Lemma ordered_cots : x < y /\ y < z /\ 0 < x + y.
Proof.
  destruct ABC as (HK & Hab & Hbc).
  assert (Hk := k_pos).
  assert (Ha := sqdist_cot B C A); assert (Hb := sqdist_cot C A B);
    assert (Hc := sqdist_cot A B C HK).
  rewrite (cross_rot A B C) in Ha; rewrite (cross_rot B C A), (cross_rot A B C) in Hb.
  specialize (Ha HK); specialize (Hb HK).
  apply sqdist_lt_of_dist_lt in Hab, Hbc.
  assert (HL := sqdist_pos_of_cross A B C HK).
  assert (Hs := sqrt3_pos).
  split; [|split]; nra.
Qed.

Lemma cot_identity : x * y + y * z + z * x = 3.
Proof. apply sqrt3_cot_identity, ordered_cross. Qed.

Lemma cot_A_lt_1 : x < 1.
Proof.
  assert (H := cot_identity); destruct ordered_cots as (Hxy & Hyz & Hpos).
  destruct (Rlt_or_le x 1) as [Hx | Hx]; [exact Hx|]; nra.
Qed.

Lemma cot_C_gt_1 : 1 < z.
Proof.
  assert (H := cot_identity); assert (Hx := cot_A_lt_1).
  destruct ordered_cots as (Hxy & Hyz & Hpos).
  destruct (Rlt_or_le 1 z) as [Hz | Hz]; [exact Hz|]; nra.
Qed.

Lemma cot_B_gt_1_of_cot_A_le_m1 : x <= -1 -> 1 < y.
Proof.
  intro Hx; assert (H := cot_identity); assert (Hz := cot_C_gt_1).
  destruct ordered_cots as (Hxy & Hyz & Hpos).
  assert (E : (y - 1) * (z - 1) = 4 - (x + 1) * (y + z)) by lra.
  nra.
Qed.

Lemma max_area_a_of_cot_B_ge_1 : 1 <= y -> max_area_on A B C B C (k / (y + z)).
Proof.
  intro Hy; assert (Hz := cot_C_gt_1); destruct ordered_cots as (Hxy & Hyz & Hpos).
  assert (H := max_area_on_corner A B C B C A); rewrite (cross_rot A B C) in H.
  replace (k / (y + z)) with (k * max_area_scaled y z)
    by (rewrite max_area_scaled_full by lra; field; lra).
  apply H; [intro P; unfold on_boundary; tauto | apply ordered_cross | exact Hy | intros; lra].
Qed.

Lemma max_area_a_of_cot_B_lt_1 : y < 1 -> max_area_on A B C B C (k * (y + z) / (z + 1) ^ 2).
Proof.
  intro Hy; assert (Hz := cot_C_gt_1); destruct ordered_cots as (Hxy & Hyz & Hpos).
  assert (H := max_area_on_corner_right A B C B C A); rewrite (cross_rot A B C) in H.
  replace (k * (y + z) / (z + 1) ^ 2) with (k * max_area_scaled z y)
    by (rewrite max_area_scaled_partial by lra; field; lra).
  apply H; [intro P; unfold on_boundary; tauto | apply ordered_cross | lra | intros; lra].
Qed.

********************

For this exercise, restate each of the entries without any deviation.

Lemma ordered_cots : x < y /\ y < z /\ 0 < x + y.
Proof.
  destruct ABC as (HK & Hab & Hbc).
  assert (Hk := k_pos).
  assert (Ha := sqdist_cot B C A); assert (Hb := sqdist_cot C A B);
    assert (Hc := sqdist_cot A B C HK).
  rewrite (cross_rot A B C) in Ha; rewrite (cross_rot B C A), (cross_rot A B C) in Hb.
  specialize (Ha HK); specialize (Hb HK).
  apply sqdist_lt_of_dist_lt in Hab, Hbc.
  assert (HL := sqdist_pos_of_cross A B C HK).
  assert (Hs := sqrt3_pos).
  split; [|split]; nra.
Qed.

Lemma cot_identity : x * y + y * z + z * x = 3.
Proof. apply sqrt3_cot_identity, ordered_cross. Qed.

Lemma cot_A_lt_1 : x < 1.
Proof.
  assert (H := cot_identity); destruct ordered_cots as (Hxy & Hyz & Hpos).
  destruct (Rlt_or_le x 1) as [Hx | Hx]; [exact Hx|]; nra.
Qed.

Lemma cot_C_gt_1 : 1 < z.
Proof.
  assert (H := cot_identity); assert (Hx := cot_A_lt_1).
  destruct ordered_cots as (Hxy & Hyz & Hpos).
  destruct (Rlt_or_le 1 z) as [Hz | Hz]; [exact Hz|]; nra.
Qed.

Lemma cot_B_gt_1_of_cot_A_le_m1 : x <= -1 -> 1 < y.
Proof.
  intro Hx; assert (H := cot_identity); assert (Hz := cot_C_gt_1).
  destruct ordered_cots as (Hxy & Hyz & Hpos).
  assert (E : (y - 1) * (z - 1) = 4 - (x + 1) * (y + z)) by lra.
  nra.
Qed.

Lemma max_area_a_of_cot_B_ge_1 : 1 <= y -> max_area_on A B C B C (k / (y + z)).
Proof.
  intro Hy; assert (Hz := cot_C_gt_1); destruct ordered_cots as (Hxy & Hyz & Hpos).
  assert (H := max_area_on_corner A B C B C A); rewrite (cross_rot A B C) in H.
  replace (k / (y + z)) with (k * max_area_scaled y z)
    by (rewrite max_area_scaled_full by lra; field; lra).
  apply H; [intro P; unfold on_boundary; tauto | apply ordered_cross | exact Hy | intros; lra].
Qed.

Lemma max_area_a_of_cot_B_lt_1 : y < 1 -> max_area_on A B C B C (k * (y + z) / (z + 1) ^ 2).
Proof.
  intro Hy; assert (Hz := cot_C_gt_1); destruct ordered_cots as (Hxy & Hyz & Hpos).
  assert (H := max_area_on_corner_right A B C B C A); rewrite (cross_rot A B C) in H.
  replace (k * (y + z) / (z + 1) ^ 2) with (k * max_area_scaled z y)
    by (rewrite max_area_scaled_partial by lra; field; lra).
  apply H; [intro P; unfold on_boundary; tauto | apply ordered_cross | lra | intros; lra].
Qed.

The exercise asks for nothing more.